» How to complete this task
Work out how many lines of the data contain "realType" and reply with that number alone.

» Records for processing
-- Opening Marker --

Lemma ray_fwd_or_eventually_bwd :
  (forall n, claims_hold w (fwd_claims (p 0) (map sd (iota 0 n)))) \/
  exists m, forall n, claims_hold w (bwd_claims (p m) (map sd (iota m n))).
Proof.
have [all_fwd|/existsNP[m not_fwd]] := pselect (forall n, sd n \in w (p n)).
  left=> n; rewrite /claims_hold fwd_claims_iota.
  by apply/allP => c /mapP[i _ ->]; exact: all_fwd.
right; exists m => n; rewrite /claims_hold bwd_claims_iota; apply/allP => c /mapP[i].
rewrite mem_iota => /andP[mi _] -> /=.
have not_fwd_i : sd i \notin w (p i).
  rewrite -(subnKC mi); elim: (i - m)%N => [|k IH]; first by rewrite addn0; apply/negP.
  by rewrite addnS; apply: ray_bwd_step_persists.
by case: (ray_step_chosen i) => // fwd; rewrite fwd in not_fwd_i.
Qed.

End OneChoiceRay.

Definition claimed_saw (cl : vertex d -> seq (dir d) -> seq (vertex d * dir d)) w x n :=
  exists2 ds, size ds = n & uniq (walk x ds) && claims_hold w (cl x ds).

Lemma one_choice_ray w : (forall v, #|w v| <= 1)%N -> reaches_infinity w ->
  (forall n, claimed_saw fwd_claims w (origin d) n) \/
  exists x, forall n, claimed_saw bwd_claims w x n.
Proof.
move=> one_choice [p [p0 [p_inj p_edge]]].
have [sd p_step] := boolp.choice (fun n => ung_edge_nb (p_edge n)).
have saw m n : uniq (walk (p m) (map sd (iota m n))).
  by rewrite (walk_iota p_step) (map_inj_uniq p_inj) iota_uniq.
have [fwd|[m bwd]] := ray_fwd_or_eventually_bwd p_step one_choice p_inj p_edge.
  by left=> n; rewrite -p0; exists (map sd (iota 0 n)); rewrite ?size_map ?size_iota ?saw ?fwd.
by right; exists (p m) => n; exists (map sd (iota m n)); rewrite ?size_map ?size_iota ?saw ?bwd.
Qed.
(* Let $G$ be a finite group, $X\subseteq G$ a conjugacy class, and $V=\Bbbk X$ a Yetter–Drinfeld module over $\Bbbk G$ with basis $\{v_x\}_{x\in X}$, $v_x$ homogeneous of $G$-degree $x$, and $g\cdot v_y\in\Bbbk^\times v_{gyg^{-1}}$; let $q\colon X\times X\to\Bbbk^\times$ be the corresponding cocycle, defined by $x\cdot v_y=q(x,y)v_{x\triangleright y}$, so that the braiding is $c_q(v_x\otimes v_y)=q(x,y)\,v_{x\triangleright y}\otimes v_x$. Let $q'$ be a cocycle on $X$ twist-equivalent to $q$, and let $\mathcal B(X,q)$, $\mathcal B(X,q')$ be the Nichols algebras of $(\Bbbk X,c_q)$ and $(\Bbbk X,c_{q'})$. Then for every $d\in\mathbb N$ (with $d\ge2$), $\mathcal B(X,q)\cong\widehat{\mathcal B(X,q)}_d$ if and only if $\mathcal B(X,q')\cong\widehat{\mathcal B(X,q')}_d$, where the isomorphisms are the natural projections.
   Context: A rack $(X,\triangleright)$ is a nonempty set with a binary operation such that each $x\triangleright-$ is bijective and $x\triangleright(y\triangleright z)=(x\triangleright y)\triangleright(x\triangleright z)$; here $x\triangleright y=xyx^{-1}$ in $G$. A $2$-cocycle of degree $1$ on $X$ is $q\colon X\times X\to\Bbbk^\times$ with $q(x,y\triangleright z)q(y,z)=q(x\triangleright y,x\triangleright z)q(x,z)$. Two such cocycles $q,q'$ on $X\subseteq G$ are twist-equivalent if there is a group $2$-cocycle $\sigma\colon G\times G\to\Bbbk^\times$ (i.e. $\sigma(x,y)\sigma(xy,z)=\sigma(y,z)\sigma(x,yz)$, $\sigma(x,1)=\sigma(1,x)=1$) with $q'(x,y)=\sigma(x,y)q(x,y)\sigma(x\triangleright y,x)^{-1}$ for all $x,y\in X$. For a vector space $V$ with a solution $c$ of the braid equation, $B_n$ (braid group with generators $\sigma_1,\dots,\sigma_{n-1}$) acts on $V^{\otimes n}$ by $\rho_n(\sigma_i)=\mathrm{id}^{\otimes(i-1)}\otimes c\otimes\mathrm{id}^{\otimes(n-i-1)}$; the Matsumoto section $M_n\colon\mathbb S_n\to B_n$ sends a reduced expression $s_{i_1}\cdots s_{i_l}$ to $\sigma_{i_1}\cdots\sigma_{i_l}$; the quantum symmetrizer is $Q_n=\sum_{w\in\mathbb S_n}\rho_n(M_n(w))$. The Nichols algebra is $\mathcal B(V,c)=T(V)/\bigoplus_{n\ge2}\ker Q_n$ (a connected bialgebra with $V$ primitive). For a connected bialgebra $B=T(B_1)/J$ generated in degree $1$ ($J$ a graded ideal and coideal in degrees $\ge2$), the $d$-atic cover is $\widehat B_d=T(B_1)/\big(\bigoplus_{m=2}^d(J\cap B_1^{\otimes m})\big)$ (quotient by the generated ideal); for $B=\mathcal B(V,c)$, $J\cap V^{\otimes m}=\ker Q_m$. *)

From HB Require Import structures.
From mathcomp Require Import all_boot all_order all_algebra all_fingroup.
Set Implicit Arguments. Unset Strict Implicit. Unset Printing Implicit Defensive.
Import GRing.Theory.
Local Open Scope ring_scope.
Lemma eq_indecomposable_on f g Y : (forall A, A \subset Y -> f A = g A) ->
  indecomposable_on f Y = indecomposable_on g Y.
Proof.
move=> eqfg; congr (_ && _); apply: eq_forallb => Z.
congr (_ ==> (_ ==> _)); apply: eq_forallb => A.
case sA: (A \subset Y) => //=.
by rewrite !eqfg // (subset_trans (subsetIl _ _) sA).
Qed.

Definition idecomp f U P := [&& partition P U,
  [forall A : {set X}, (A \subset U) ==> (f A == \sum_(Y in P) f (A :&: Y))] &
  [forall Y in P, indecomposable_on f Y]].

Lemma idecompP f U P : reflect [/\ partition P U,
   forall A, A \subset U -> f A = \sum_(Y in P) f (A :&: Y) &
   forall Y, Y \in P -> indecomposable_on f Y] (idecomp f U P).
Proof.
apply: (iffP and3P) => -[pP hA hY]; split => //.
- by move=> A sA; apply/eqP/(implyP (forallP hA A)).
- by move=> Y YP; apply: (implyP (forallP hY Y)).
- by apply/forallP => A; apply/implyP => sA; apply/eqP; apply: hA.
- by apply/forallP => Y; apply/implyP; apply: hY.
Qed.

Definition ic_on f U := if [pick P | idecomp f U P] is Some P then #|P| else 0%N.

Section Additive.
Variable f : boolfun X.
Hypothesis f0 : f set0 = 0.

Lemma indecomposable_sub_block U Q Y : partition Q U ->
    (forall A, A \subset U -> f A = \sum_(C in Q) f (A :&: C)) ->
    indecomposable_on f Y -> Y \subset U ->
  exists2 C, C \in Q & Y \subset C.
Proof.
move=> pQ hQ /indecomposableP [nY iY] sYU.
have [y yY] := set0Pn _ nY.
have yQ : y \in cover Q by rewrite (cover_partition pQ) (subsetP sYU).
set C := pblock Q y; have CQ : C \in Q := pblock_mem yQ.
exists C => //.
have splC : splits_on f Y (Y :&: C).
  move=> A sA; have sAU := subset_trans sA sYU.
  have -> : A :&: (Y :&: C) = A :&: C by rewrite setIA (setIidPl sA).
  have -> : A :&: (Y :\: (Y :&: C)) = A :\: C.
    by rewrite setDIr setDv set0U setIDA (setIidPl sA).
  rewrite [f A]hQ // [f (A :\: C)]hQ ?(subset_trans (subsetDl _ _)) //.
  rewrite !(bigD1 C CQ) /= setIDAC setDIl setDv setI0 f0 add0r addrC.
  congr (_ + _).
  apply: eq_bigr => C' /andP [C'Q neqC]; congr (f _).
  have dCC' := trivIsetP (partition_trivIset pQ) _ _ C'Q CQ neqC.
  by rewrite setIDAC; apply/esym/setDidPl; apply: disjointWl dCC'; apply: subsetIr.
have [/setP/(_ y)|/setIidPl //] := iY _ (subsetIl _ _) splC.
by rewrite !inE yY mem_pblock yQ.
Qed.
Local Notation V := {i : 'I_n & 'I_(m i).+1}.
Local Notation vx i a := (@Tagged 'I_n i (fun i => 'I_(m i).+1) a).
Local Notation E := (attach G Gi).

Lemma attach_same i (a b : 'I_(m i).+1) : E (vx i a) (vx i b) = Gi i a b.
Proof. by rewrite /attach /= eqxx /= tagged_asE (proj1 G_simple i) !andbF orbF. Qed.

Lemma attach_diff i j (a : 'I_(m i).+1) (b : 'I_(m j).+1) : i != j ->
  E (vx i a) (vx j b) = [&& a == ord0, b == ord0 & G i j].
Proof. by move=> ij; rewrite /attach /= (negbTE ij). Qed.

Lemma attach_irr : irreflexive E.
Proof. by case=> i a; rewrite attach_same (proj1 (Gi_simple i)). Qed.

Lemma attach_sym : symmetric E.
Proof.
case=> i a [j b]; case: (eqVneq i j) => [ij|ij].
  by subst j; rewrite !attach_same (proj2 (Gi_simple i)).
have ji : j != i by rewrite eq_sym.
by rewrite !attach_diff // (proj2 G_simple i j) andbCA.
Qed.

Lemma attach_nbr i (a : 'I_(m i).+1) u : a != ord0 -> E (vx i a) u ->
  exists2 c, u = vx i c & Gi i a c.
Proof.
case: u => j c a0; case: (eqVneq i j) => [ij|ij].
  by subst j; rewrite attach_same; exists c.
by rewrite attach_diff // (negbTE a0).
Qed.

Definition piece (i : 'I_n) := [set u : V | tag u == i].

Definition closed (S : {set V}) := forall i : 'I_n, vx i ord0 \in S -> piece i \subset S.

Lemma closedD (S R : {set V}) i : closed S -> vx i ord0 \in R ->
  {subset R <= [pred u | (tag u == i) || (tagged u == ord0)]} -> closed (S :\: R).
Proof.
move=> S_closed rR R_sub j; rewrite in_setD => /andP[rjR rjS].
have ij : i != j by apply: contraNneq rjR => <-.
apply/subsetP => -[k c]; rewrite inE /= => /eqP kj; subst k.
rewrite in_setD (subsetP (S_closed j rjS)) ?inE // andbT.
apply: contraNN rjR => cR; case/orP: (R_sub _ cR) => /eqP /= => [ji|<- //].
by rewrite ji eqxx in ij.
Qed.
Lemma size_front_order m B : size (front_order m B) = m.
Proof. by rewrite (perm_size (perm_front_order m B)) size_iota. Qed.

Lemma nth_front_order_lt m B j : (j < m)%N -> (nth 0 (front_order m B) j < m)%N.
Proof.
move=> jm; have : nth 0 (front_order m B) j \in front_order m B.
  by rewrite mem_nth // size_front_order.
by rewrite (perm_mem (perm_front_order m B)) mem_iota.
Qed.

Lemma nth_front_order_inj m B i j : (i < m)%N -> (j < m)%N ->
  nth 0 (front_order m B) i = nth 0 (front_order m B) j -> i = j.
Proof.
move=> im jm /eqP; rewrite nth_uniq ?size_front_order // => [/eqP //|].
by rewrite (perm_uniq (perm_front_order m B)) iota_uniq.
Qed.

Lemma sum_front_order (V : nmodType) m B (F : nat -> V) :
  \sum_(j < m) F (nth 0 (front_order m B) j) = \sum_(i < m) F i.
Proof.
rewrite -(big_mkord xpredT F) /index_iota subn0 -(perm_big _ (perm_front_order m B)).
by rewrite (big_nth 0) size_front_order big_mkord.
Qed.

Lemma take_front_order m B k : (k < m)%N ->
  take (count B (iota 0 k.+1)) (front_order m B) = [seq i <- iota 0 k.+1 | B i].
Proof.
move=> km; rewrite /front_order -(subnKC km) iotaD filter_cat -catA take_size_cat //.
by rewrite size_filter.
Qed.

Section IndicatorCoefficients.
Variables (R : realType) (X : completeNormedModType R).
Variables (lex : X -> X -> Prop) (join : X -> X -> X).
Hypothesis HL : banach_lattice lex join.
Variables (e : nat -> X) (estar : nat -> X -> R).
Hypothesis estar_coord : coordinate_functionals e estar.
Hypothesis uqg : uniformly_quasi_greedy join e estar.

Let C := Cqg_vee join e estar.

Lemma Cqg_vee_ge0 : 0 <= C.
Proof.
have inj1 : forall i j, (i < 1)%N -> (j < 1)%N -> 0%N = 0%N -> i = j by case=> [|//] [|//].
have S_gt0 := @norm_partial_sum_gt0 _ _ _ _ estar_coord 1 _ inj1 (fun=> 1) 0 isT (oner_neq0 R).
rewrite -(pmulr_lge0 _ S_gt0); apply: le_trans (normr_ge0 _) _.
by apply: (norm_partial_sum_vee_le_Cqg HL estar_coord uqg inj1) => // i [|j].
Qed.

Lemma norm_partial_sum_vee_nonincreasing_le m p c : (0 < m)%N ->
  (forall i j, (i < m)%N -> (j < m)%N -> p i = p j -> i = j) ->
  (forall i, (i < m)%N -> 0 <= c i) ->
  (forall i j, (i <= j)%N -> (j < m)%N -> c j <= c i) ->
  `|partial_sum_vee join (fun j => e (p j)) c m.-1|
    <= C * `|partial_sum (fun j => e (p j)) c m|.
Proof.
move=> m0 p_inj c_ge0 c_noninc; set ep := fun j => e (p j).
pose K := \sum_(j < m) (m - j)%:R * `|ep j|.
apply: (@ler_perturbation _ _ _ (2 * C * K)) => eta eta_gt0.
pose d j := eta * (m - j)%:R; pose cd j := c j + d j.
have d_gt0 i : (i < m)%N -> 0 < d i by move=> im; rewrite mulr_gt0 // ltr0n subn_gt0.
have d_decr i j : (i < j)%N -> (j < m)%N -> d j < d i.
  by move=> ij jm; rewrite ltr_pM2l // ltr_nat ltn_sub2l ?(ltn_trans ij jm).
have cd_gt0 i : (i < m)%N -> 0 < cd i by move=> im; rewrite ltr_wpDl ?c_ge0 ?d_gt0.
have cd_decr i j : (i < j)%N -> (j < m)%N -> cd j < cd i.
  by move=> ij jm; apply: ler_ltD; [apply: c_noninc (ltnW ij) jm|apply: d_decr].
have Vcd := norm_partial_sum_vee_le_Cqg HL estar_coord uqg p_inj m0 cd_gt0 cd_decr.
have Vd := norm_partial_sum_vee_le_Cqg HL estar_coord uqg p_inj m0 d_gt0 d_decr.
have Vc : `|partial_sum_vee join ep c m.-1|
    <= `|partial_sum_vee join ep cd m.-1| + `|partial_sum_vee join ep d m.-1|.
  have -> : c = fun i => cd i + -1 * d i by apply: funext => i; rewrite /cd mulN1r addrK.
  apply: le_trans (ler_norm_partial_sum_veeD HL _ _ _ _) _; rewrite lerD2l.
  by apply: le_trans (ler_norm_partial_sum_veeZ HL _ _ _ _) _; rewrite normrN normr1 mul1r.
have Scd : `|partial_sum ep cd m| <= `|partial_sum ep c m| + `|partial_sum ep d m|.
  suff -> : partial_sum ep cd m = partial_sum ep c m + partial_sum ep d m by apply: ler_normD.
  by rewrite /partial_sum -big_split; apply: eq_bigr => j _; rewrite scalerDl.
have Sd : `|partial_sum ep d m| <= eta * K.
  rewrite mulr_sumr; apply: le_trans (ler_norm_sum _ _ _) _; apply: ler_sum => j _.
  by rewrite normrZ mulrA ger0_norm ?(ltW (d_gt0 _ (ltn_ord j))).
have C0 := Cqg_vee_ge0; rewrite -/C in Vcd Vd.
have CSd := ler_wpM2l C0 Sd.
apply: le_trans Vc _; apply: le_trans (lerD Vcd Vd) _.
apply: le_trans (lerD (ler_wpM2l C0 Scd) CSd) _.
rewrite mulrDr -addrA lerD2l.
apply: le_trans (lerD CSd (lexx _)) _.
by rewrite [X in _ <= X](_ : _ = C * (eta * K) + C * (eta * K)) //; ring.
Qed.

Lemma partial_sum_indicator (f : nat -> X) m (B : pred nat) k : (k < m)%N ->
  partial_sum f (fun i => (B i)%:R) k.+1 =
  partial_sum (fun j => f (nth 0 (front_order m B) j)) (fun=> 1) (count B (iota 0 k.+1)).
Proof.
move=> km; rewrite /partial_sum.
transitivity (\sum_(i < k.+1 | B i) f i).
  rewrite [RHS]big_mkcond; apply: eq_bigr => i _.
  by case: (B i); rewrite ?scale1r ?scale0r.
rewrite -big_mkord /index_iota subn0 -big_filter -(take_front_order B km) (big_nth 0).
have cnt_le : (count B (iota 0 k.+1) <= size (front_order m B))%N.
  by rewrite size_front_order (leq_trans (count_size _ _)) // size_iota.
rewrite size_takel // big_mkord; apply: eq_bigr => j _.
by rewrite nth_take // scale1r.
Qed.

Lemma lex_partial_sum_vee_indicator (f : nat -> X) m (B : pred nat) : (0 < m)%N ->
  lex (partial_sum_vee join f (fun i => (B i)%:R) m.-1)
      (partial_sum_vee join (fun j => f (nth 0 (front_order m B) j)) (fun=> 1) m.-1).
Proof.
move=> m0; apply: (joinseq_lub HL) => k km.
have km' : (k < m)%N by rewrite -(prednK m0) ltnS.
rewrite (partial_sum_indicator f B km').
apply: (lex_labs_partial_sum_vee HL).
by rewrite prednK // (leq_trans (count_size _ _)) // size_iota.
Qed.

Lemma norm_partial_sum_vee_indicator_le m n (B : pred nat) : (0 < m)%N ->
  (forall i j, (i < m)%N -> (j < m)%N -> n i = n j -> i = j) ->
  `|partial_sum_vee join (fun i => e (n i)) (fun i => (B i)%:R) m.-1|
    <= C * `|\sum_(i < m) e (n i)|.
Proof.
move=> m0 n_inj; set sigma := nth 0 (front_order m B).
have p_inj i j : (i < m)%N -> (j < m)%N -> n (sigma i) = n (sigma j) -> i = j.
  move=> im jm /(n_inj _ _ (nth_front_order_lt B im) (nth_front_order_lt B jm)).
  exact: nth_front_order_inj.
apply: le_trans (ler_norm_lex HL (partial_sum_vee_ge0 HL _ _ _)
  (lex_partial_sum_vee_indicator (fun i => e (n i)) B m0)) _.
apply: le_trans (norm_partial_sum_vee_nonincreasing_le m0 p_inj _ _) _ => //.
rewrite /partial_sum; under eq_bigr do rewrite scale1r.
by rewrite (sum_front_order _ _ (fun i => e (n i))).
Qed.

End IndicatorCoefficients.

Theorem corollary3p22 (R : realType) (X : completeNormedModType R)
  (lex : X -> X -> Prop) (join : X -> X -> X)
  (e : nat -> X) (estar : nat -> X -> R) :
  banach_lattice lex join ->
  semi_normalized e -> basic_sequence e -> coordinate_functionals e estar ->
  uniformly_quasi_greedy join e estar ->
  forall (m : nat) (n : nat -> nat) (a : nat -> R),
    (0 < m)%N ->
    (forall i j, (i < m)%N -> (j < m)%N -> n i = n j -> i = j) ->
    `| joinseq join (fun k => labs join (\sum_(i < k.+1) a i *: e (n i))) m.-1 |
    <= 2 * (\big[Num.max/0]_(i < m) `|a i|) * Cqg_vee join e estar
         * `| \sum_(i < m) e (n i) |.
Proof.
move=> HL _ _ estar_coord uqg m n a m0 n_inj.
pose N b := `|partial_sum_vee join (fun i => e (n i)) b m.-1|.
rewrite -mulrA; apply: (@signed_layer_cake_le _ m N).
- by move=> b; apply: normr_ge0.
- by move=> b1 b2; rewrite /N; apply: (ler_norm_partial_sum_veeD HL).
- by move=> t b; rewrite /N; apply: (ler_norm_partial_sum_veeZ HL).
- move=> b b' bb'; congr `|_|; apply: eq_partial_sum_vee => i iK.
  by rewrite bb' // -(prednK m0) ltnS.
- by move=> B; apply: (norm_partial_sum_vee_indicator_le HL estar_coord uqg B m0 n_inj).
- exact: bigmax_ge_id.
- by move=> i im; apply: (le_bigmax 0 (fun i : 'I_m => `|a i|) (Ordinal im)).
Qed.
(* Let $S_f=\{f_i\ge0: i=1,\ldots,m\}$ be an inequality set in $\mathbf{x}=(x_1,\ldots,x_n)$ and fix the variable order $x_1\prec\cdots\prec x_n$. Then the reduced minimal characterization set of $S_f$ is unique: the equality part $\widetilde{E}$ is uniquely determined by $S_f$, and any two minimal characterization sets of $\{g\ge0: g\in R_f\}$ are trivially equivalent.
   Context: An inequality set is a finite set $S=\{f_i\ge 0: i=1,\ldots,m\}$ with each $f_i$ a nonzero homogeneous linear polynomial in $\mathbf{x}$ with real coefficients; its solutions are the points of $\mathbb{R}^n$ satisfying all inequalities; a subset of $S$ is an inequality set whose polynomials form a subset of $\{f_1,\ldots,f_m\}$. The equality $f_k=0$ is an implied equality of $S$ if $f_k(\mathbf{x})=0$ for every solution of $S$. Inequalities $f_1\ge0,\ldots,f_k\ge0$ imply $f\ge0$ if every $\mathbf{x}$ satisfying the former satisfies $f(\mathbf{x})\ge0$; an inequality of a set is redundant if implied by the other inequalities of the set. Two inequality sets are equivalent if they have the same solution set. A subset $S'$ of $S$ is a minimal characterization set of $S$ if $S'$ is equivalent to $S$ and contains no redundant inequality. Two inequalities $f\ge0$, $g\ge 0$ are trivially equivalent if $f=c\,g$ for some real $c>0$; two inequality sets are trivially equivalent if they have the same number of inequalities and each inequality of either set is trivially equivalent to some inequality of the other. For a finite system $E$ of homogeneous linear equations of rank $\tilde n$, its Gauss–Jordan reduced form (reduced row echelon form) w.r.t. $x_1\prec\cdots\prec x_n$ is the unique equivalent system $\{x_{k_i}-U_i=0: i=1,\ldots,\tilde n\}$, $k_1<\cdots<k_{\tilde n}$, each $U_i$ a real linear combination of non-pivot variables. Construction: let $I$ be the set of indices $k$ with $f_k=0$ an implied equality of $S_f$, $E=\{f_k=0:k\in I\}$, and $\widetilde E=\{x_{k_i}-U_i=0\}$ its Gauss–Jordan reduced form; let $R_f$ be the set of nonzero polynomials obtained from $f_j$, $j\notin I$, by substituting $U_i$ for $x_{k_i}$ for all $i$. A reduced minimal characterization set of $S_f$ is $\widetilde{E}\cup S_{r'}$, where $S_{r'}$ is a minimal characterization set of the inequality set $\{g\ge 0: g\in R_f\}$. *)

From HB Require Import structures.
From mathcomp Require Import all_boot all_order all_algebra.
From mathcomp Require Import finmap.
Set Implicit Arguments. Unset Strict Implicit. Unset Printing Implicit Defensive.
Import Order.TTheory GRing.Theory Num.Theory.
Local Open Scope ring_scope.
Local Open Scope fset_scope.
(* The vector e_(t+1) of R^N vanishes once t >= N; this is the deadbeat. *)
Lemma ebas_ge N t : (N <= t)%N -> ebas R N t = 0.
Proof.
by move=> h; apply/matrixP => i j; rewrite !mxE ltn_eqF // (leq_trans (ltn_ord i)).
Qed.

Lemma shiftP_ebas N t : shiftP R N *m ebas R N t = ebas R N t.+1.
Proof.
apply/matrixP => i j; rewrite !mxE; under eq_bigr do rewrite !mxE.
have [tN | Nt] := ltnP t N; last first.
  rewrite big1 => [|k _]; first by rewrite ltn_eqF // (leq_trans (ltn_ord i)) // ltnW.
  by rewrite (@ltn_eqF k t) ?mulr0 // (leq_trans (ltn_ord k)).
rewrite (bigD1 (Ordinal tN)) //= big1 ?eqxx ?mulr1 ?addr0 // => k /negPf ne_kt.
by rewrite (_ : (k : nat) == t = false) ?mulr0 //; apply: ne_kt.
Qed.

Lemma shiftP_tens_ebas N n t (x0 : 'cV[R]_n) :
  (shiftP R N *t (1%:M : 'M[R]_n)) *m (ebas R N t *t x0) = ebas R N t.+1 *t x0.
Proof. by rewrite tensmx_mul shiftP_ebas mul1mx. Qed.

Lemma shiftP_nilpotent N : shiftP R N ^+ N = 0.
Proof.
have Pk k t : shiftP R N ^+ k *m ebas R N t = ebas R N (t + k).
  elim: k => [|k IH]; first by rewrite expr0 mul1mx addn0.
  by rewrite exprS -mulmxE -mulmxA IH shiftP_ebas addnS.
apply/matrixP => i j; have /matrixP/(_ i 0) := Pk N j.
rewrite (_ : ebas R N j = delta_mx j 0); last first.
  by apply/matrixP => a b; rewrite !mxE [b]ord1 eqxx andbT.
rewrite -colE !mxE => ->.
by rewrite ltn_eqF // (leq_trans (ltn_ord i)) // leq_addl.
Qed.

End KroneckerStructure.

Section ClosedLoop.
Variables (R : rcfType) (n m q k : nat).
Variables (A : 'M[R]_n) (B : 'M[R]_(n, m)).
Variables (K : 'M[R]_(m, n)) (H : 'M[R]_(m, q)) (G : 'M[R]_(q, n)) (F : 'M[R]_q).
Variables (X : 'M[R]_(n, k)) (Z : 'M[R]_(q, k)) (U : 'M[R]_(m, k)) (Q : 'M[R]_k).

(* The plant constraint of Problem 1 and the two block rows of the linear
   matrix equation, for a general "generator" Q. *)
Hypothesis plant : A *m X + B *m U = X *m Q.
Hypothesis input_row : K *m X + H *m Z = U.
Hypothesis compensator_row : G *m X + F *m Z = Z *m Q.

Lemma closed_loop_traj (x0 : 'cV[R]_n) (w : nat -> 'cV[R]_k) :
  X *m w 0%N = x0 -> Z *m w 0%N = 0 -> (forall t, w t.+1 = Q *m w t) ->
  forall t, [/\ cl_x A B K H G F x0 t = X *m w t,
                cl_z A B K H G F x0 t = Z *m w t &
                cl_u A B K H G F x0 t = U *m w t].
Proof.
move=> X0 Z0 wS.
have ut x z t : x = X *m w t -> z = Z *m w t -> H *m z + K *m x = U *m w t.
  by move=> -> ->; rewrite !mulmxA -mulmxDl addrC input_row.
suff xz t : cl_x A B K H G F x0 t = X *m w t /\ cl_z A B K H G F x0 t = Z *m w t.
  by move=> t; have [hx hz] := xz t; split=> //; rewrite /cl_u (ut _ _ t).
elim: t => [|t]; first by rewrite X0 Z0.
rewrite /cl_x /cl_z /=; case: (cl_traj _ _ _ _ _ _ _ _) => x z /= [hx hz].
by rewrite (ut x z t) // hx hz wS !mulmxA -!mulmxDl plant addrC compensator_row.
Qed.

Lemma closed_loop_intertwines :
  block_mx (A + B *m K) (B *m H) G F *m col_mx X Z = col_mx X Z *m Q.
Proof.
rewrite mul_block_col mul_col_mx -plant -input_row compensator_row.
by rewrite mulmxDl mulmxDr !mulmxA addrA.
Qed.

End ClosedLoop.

-- Closing Marker --

» Answer for the task
2